WORK TASK.
Return the following from the records below: each line, word for word, starting with the line that contains "if j == k then" and going on through the line that contains "Definition dmin : R", with nothing outside that range.
.....
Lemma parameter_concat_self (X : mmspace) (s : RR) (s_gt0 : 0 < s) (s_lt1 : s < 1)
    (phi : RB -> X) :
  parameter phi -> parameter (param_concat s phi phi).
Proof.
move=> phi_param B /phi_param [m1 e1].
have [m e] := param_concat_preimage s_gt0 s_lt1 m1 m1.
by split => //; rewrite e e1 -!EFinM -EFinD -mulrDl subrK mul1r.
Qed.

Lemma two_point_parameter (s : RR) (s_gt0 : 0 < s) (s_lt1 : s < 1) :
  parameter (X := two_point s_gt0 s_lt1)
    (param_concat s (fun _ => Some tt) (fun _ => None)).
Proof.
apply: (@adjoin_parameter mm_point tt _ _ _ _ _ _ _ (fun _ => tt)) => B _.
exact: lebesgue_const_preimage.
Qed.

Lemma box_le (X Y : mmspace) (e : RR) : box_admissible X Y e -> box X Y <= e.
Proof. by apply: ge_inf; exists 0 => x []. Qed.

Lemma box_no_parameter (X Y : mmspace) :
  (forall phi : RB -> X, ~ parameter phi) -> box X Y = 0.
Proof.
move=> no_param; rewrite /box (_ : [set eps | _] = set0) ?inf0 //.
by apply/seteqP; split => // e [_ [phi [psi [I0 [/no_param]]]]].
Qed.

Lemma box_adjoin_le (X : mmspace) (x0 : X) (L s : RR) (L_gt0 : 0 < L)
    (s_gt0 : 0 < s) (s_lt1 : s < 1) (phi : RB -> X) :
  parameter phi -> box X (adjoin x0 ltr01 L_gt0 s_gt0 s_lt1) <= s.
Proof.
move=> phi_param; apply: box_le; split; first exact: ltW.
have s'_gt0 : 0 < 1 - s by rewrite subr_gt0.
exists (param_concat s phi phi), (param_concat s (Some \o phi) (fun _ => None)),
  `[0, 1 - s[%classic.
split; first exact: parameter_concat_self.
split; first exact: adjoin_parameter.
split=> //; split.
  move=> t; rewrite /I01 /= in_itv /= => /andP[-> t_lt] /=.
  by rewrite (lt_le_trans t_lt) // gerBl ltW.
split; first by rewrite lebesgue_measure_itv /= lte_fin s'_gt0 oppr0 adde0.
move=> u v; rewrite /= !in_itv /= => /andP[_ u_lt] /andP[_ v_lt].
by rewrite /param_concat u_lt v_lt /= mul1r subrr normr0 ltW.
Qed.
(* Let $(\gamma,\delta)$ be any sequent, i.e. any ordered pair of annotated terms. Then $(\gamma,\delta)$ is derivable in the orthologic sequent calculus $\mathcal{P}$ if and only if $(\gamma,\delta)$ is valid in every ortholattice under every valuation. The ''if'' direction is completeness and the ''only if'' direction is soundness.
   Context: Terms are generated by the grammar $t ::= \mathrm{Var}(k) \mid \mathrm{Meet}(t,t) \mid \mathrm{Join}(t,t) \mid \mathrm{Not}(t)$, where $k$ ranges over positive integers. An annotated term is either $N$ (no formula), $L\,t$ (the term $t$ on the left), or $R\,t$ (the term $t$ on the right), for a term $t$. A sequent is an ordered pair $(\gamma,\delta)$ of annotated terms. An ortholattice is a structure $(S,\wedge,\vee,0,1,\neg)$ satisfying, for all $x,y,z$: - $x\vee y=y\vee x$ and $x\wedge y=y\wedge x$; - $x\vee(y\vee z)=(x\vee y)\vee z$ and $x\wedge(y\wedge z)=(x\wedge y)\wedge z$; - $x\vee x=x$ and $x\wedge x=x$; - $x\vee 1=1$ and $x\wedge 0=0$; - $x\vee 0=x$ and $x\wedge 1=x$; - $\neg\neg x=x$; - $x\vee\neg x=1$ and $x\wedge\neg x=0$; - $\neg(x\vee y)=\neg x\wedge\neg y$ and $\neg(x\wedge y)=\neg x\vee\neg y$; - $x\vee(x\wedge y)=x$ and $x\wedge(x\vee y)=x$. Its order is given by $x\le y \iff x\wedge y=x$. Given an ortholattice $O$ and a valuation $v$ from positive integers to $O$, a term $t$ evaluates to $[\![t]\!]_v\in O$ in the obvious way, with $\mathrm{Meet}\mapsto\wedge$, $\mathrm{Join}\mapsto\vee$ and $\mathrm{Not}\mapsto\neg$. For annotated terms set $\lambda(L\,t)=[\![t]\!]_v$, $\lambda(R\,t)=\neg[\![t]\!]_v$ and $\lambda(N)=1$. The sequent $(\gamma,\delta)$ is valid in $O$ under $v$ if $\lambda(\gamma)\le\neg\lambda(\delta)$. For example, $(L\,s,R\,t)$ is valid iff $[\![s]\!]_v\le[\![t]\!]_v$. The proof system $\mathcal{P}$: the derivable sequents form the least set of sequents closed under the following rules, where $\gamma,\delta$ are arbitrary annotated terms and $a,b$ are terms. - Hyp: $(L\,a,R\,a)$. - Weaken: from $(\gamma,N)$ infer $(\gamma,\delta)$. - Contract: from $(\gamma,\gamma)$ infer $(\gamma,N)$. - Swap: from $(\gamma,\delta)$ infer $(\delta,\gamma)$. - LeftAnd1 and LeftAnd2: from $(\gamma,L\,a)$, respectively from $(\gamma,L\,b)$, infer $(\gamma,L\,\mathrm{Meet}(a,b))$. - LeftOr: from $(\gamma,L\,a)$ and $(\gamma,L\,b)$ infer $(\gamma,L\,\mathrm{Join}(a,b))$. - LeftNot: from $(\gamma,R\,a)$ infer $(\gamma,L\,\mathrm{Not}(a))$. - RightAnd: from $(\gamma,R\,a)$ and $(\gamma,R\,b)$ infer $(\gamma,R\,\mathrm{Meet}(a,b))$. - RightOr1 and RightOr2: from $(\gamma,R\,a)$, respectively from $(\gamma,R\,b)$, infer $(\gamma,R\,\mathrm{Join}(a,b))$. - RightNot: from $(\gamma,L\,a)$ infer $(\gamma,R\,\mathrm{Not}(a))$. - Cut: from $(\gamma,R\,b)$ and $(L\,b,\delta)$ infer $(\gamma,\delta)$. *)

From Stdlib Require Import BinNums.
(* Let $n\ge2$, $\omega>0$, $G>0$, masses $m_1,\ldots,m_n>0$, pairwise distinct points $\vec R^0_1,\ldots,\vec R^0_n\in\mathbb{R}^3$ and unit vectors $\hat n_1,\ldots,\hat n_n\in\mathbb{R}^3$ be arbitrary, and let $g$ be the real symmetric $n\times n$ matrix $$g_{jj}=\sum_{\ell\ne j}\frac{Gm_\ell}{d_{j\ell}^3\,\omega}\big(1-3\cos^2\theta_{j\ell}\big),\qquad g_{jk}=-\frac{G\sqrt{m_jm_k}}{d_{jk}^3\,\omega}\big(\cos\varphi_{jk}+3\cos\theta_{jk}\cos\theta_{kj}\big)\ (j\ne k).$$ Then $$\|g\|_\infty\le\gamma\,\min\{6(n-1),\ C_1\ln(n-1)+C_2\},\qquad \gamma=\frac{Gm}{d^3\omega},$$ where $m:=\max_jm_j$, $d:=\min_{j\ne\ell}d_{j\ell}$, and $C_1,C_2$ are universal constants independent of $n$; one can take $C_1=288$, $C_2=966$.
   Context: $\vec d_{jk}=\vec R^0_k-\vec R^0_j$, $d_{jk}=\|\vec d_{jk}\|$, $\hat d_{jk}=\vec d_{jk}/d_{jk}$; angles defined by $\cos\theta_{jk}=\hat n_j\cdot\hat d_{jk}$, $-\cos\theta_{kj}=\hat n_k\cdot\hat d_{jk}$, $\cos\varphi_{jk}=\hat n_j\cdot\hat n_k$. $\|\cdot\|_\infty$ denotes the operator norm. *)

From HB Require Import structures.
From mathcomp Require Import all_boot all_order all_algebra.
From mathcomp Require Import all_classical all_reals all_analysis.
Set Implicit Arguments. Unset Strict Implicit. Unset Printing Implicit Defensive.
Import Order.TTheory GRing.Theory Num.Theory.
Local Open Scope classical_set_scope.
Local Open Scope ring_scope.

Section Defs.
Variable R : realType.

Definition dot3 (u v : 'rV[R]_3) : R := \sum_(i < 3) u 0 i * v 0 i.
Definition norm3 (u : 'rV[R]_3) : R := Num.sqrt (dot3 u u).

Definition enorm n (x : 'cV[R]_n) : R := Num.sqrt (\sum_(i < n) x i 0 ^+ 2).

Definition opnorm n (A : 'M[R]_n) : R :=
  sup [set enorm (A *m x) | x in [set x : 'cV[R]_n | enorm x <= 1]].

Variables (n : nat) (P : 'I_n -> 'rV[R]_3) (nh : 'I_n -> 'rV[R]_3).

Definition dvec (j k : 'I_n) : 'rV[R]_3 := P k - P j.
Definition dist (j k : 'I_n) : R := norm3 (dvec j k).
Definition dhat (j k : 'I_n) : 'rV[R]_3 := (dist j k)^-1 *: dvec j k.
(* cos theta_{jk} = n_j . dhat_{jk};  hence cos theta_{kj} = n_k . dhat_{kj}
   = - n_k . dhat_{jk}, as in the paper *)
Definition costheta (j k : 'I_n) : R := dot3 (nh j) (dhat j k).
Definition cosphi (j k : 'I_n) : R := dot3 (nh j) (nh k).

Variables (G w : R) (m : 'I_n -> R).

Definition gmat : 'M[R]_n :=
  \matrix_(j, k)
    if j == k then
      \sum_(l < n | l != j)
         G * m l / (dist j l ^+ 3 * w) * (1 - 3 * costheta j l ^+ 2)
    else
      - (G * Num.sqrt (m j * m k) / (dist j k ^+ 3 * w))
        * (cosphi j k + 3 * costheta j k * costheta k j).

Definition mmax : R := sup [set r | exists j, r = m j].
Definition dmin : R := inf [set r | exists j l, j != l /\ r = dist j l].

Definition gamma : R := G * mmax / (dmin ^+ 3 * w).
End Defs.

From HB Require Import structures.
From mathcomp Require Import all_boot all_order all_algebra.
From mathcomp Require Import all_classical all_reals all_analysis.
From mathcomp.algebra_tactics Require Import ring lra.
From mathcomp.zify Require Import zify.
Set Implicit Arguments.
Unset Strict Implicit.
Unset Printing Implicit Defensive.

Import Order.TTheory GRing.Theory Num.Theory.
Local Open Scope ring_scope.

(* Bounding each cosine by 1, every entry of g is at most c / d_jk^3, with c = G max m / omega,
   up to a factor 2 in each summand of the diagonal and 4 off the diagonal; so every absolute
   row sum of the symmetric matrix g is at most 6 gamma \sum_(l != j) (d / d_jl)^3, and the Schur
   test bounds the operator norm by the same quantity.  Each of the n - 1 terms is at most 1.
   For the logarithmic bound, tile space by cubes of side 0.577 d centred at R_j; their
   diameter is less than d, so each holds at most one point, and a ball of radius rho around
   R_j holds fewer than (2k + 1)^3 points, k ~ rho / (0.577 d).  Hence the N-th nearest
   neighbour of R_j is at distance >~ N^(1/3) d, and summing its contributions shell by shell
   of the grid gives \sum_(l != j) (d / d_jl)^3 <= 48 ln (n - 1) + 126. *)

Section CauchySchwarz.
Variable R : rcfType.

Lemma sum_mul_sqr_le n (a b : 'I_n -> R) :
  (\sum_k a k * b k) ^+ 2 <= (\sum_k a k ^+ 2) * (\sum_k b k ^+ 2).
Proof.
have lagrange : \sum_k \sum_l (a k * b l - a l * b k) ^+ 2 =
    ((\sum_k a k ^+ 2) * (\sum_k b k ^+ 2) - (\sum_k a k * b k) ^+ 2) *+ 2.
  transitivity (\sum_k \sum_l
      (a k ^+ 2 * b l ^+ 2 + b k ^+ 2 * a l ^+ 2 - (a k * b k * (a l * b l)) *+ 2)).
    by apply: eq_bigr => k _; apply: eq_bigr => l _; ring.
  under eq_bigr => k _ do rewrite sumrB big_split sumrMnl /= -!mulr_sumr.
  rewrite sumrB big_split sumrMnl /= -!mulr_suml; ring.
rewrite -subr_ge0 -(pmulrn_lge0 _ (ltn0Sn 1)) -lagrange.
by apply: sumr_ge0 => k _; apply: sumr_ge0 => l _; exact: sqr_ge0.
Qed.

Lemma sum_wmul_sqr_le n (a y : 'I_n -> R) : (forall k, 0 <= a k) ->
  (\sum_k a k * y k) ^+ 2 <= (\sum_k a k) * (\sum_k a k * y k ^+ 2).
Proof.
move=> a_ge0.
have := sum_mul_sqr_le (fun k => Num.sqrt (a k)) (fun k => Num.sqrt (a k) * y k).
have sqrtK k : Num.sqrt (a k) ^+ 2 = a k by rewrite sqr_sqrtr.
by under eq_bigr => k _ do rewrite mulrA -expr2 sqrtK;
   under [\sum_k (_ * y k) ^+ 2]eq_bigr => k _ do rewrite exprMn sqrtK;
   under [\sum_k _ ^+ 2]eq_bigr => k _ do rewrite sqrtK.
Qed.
.....
EXERCISE RESPONSE.
    if j == k then
      \sum_(l < n | l != j)
         G * m l / (dist j l ^+ 3 * w) * (1 - 3 * costheta j l ^+ 2)
    else
      - (G * Num.sqrt (m j * m k) / (dist j k ^+ 3 * w))
        * (cosphi j k + 3 * costheta j k * costheta k j).

Definition mmax : R := sup [set r | exists j, r = m j].
Definition dmin : R := inf [set r | exists j l, j != l /\ r = dist j l].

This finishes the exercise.